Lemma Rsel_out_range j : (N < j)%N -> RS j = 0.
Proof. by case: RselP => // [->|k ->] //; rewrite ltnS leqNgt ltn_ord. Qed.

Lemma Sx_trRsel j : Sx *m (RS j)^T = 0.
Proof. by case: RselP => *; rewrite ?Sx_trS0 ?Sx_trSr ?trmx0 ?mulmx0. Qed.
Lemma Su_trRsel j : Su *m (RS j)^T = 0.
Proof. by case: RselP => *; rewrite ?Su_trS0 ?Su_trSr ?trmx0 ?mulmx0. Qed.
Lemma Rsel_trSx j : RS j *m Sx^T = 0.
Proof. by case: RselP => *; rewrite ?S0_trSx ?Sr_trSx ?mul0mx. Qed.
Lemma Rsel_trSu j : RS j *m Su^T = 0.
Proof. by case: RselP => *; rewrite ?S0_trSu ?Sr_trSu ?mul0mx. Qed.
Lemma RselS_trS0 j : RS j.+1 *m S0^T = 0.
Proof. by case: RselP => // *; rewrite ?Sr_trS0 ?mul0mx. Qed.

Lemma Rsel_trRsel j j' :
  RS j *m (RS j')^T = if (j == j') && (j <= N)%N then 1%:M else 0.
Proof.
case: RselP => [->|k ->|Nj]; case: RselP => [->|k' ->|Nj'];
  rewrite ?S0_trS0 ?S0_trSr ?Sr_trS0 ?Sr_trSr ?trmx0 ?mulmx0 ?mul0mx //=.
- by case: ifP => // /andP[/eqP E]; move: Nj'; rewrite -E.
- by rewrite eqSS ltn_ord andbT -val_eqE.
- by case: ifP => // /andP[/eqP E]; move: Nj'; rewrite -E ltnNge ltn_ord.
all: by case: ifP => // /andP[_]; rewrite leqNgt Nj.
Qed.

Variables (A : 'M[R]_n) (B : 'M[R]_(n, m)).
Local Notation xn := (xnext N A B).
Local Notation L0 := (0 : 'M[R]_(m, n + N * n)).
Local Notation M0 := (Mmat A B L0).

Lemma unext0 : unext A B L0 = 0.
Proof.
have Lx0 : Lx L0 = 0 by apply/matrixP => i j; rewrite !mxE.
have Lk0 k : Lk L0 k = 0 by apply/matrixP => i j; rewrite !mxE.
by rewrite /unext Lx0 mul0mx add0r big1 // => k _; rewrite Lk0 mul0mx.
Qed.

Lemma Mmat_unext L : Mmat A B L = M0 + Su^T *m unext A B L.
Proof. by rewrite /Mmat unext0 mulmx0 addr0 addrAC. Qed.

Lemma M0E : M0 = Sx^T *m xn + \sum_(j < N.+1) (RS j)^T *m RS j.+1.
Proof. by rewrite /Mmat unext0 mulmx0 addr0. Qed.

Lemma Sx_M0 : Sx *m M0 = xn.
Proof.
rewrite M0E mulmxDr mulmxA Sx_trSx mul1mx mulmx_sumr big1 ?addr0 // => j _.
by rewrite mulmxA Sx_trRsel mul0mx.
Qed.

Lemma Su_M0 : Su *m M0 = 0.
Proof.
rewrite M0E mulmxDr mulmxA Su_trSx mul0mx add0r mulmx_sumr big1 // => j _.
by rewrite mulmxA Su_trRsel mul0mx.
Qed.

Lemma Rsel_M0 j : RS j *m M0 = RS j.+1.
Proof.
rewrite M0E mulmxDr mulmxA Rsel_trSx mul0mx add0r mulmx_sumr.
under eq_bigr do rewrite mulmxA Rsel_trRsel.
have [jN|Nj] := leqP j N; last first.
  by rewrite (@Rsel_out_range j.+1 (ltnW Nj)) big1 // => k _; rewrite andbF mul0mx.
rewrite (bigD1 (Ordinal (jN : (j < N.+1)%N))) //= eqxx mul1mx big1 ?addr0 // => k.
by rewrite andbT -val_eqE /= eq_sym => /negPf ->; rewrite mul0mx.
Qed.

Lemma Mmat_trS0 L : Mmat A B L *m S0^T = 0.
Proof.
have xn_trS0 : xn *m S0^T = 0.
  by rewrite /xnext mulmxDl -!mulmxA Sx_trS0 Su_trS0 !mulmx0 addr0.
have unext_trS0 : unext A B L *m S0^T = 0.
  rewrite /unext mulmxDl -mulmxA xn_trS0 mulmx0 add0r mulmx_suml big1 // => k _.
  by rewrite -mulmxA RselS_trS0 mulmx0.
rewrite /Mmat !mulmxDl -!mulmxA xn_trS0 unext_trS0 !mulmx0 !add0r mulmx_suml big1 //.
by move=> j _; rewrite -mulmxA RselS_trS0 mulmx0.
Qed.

---

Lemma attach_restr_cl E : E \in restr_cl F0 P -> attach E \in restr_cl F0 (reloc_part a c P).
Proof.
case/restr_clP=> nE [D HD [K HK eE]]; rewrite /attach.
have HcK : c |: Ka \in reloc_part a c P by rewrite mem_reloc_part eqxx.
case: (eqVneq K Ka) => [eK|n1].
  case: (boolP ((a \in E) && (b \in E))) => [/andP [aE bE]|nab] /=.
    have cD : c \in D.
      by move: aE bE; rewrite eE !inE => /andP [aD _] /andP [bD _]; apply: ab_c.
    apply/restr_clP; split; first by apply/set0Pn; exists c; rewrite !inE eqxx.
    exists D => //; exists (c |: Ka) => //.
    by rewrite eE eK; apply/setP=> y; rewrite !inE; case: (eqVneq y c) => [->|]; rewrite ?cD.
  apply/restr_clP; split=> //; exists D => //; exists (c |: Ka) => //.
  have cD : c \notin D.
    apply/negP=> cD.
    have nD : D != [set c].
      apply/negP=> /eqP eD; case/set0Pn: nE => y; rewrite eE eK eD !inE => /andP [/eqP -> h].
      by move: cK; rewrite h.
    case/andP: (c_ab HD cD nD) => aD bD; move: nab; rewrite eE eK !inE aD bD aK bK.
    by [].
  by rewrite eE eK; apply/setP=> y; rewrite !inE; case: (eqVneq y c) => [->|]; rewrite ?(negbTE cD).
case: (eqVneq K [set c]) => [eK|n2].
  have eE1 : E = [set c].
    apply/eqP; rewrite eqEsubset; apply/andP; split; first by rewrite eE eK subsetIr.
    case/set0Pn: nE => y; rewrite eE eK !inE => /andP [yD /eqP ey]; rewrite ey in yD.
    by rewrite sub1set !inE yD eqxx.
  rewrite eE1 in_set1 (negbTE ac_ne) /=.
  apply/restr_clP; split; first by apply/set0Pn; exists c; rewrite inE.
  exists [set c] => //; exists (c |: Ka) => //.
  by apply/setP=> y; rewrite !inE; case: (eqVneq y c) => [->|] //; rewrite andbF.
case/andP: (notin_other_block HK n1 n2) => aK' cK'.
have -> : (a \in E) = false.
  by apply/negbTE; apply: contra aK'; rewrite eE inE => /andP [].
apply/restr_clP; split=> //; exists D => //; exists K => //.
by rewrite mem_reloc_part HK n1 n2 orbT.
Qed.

* * *

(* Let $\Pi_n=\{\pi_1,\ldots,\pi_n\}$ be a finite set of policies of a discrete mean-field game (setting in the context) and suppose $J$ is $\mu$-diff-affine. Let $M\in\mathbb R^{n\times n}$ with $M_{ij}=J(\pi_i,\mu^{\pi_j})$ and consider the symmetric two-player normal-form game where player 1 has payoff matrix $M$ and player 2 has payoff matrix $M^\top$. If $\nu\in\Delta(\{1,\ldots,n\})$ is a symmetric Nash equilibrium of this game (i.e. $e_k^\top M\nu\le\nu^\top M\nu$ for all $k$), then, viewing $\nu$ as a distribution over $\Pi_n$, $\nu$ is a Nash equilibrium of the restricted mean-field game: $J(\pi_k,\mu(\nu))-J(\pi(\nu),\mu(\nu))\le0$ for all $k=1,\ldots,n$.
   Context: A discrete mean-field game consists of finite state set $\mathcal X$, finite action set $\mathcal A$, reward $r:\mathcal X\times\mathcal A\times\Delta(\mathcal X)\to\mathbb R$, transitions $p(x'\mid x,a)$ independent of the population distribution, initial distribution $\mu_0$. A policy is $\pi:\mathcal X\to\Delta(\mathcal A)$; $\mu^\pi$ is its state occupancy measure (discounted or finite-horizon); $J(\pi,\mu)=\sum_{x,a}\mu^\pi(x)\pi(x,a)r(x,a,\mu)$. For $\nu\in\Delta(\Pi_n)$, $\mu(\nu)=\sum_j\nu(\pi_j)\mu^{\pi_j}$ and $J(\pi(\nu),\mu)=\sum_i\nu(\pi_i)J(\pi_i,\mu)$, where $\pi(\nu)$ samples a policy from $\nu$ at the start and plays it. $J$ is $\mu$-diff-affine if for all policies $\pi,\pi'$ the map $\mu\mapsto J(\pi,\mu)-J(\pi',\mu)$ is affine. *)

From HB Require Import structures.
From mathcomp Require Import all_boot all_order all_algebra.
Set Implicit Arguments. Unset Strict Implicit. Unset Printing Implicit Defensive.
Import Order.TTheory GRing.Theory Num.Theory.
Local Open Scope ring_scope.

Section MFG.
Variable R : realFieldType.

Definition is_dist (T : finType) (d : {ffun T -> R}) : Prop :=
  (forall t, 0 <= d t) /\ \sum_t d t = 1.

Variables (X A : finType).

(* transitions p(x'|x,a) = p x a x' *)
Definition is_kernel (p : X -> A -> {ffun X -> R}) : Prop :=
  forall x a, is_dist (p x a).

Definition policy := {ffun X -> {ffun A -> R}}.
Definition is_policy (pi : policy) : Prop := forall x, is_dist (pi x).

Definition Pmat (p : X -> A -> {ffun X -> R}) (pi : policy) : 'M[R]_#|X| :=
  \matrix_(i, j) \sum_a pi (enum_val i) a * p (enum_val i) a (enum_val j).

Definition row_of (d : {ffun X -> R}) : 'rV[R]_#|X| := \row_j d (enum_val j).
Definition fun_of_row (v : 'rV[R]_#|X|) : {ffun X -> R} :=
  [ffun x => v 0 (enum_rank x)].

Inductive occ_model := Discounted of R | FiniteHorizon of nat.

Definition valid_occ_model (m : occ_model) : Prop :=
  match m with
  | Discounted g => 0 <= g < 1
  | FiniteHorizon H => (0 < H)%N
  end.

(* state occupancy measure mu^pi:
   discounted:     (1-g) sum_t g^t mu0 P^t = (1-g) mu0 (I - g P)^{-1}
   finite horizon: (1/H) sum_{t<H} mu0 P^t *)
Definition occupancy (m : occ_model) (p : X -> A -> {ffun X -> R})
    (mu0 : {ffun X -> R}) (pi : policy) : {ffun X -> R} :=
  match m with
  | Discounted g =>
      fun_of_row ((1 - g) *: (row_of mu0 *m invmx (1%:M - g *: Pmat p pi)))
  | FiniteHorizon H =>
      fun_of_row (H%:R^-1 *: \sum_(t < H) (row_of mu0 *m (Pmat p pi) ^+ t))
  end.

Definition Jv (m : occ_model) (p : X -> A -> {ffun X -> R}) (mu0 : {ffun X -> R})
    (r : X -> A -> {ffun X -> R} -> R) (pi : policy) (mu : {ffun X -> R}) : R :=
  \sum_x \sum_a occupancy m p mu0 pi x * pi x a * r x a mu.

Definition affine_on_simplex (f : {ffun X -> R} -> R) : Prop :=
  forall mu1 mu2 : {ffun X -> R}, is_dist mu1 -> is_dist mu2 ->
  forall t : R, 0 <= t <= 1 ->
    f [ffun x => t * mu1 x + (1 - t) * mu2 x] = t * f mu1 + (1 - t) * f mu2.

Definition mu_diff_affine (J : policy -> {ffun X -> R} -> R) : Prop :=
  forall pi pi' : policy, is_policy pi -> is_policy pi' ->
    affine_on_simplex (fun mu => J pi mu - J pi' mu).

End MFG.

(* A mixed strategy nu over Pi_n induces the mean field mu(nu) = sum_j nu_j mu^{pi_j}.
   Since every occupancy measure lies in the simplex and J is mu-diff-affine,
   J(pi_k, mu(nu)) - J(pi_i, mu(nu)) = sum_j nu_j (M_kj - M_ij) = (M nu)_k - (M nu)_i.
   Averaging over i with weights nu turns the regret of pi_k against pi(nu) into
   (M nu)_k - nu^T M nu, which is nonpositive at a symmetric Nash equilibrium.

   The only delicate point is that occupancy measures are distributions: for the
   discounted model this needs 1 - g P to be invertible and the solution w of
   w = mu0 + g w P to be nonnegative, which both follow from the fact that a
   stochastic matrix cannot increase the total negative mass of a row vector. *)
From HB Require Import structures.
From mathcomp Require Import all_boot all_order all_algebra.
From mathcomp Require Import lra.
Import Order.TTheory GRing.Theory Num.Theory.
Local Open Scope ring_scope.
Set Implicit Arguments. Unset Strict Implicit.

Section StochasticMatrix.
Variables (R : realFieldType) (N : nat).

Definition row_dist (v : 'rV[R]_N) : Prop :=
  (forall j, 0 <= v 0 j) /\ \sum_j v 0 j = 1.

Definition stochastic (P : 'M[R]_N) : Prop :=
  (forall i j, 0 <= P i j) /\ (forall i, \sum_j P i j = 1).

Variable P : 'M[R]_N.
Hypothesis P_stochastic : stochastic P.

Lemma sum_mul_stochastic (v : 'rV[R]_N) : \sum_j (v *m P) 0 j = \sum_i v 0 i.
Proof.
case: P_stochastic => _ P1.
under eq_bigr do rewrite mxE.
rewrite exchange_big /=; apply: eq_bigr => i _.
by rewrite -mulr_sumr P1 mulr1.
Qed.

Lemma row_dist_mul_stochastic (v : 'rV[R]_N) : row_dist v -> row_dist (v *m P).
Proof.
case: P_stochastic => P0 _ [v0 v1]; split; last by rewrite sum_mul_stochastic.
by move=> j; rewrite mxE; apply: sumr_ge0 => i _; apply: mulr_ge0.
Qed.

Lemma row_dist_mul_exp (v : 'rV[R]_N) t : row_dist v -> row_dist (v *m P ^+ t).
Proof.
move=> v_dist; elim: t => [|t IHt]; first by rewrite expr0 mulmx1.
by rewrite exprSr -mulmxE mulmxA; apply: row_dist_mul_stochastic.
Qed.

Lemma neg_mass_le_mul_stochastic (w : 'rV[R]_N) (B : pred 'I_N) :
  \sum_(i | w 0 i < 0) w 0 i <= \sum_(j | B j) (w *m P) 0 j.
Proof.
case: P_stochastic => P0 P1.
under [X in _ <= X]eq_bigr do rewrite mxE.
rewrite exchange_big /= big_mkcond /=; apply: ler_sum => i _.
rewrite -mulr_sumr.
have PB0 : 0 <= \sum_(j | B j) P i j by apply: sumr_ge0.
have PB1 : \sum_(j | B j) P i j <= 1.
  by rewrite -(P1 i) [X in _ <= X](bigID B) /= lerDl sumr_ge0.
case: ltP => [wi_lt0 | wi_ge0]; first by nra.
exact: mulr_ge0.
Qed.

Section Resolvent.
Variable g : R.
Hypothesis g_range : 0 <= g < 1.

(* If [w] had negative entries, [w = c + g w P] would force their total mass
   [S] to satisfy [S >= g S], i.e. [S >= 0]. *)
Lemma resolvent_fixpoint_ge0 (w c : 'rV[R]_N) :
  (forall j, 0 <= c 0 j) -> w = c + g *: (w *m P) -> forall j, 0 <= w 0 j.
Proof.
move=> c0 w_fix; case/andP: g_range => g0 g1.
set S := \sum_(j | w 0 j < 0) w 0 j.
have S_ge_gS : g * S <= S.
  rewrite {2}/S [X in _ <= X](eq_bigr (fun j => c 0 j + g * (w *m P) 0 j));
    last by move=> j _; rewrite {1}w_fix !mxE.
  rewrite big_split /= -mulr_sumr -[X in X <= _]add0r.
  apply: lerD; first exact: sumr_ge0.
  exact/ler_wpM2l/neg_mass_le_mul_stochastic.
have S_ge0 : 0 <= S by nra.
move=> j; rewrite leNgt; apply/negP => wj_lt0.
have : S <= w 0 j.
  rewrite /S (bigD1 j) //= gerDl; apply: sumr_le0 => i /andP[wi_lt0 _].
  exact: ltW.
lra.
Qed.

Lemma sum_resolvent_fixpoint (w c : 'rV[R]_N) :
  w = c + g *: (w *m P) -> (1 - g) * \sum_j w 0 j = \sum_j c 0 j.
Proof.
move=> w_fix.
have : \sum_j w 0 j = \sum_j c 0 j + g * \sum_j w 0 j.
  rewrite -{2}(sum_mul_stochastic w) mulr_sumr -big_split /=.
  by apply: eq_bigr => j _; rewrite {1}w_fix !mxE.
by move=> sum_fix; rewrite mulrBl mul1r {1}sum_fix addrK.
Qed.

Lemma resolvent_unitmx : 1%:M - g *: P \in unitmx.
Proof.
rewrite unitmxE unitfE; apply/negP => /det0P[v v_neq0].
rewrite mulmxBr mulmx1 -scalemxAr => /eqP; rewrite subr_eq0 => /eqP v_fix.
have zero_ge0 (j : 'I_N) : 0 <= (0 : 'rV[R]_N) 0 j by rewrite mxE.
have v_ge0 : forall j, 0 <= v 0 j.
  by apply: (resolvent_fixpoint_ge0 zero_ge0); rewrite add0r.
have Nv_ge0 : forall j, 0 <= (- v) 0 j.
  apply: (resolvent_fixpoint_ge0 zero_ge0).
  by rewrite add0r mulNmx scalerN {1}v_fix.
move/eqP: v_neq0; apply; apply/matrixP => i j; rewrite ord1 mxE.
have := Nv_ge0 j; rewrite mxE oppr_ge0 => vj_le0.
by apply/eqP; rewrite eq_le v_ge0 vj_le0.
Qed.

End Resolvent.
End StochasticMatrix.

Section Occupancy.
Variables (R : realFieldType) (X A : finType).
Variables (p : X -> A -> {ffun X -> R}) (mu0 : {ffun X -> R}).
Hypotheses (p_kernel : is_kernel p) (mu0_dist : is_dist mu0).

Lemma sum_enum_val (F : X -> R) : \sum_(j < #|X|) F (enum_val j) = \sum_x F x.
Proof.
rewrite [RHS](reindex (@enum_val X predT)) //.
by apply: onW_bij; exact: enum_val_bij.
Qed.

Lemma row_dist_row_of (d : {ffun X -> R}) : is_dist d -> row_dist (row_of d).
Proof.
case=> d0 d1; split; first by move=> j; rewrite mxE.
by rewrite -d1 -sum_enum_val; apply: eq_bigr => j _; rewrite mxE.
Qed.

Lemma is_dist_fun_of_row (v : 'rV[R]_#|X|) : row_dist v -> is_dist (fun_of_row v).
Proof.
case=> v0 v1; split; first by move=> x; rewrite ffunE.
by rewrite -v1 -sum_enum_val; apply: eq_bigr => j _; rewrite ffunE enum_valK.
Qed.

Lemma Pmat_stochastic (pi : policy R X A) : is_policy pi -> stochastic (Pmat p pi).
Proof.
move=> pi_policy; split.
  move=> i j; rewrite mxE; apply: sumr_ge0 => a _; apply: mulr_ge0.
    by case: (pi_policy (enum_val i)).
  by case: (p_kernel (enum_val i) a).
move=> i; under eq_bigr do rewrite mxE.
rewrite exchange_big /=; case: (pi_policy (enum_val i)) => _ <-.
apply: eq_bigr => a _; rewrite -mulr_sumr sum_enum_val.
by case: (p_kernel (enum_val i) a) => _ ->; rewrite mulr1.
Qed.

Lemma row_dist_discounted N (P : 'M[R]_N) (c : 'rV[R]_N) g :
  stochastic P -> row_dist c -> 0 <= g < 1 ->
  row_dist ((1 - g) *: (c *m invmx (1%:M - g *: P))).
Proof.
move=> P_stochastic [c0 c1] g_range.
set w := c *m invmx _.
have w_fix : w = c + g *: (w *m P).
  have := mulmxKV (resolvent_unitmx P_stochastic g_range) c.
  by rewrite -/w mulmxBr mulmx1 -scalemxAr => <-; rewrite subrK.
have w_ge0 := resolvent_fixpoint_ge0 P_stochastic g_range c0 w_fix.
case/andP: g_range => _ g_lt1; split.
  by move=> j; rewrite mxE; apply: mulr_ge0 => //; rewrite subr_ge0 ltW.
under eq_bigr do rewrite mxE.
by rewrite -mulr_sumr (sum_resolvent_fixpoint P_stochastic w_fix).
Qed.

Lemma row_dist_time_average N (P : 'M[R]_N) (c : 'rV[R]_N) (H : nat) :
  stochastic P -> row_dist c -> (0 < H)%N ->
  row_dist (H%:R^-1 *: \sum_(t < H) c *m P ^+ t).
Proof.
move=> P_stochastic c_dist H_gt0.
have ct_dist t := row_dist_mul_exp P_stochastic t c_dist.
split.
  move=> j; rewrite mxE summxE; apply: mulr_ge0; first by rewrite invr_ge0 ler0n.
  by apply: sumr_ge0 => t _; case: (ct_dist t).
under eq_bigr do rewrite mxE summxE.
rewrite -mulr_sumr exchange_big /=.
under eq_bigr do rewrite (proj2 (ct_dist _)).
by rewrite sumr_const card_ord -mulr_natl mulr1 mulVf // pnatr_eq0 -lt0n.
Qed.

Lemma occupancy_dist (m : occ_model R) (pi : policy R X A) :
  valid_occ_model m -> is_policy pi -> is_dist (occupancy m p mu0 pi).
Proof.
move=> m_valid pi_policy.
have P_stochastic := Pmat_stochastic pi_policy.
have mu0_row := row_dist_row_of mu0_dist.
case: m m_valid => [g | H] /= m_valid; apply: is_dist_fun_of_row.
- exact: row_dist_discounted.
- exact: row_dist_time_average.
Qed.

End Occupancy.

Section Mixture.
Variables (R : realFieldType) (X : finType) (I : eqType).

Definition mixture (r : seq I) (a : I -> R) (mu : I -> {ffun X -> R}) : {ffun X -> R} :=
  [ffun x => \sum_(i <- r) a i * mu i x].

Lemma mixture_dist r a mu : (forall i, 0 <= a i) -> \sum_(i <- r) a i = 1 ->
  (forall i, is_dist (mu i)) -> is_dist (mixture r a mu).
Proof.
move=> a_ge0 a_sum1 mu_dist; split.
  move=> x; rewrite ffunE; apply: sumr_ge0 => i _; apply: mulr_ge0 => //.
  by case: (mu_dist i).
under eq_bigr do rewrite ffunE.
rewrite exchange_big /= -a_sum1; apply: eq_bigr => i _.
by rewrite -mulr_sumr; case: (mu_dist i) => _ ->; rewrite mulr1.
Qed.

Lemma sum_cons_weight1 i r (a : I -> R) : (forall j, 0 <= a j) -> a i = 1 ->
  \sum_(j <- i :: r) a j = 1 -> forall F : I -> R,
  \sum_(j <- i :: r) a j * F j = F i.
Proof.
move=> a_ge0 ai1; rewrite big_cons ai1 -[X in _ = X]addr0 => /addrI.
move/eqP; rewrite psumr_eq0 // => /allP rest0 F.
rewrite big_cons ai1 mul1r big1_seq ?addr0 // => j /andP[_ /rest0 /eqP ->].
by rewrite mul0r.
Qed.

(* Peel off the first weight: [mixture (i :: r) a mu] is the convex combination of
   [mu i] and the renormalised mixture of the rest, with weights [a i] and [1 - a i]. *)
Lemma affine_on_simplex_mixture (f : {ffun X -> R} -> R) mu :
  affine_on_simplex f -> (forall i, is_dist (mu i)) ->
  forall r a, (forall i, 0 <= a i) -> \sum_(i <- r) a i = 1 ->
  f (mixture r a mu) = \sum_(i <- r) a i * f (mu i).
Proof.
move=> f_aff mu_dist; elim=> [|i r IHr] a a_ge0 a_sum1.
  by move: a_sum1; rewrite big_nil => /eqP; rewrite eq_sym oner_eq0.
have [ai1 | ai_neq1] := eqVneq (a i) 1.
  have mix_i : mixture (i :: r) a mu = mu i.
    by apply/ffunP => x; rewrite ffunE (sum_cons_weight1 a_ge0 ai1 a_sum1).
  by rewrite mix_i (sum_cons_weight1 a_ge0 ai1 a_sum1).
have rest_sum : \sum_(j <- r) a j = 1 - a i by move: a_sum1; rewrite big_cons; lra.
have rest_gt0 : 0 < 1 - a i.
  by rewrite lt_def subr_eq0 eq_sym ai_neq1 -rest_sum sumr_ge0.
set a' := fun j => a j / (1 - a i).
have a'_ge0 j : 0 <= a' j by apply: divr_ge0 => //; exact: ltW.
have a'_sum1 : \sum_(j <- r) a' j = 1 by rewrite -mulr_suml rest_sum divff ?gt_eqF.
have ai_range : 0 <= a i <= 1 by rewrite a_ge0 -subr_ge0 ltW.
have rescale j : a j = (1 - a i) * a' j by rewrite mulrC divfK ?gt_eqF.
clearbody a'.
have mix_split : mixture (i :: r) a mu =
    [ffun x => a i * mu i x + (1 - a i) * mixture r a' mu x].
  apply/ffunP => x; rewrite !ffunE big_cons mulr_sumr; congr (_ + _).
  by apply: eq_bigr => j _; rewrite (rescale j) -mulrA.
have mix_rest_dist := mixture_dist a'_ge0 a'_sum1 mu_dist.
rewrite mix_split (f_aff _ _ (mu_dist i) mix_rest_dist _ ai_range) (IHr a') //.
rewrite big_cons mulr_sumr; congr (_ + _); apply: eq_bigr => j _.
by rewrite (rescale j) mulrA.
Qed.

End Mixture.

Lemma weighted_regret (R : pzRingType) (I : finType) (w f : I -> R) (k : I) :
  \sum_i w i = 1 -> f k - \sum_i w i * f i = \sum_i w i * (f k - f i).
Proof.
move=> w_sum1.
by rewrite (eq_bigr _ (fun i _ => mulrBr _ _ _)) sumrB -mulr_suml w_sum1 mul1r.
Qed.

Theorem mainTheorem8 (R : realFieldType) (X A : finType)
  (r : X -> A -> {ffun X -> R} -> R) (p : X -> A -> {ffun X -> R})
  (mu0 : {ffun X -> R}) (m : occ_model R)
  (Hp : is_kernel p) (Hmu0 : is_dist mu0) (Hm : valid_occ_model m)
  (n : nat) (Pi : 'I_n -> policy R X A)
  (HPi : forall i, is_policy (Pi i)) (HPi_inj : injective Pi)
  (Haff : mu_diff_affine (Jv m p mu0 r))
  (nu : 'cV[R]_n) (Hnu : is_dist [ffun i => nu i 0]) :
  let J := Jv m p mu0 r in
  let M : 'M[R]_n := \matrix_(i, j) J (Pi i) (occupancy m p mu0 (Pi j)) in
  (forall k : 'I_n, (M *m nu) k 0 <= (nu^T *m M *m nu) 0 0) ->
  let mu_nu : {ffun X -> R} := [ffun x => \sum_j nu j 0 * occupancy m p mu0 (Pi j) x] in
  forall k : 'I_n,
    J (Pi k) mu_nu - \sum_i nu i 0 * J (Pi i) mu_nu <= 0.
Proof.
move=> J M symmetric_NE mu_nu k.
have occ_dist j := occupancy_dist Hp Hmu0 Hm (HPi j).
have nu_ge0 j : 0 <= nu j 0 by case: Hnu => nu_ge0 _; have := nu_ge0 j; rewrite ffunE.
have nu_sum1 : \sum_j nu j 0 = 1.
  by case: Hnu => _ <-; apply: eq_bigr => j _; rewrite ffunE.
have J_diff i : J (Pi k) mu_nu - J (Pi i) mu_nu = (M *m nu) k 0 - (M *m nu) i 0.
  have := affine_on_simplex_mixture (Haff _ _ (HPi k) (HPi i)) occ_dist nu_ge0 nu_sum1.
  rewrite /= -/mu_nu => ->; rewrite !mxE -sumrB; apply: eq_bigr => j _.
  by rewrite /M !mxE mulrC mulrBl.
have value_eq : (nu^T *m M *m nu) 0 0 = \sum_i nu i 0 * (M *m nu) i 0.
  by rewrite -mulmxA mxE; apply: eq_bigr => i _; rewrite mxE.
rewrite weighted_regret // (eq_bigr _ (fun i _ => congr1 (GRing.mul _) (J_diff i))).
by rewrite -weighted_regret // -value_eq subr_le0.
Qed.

*Exercise objective:* Copy verbatim, from the listing above, each line from the one containing "Lemma Rsel_out_range j" down to the one containing "Lemma Su_trRsel j : Su *m (RS j)^T = 0.", inclusive.

*Output of the exercise:*
Lemma Rsel_out_range j : (N < j)%N -> RS j = 0.
Proof. by case: RselP => // [->|k ->] //; rewrite ltnS leqNgt ltn_ord. Qed.

Lemma Sx_trRsel j : Sx *m (RS j)^T = 0.
Proof. by case: RselP => *; rewrite ?Sx_trS0 ?Sx_trSr ?trmx0 ?mulmx0. Qed.
Lemma Su_trRsel j : Su *m (RS j)^T = 0.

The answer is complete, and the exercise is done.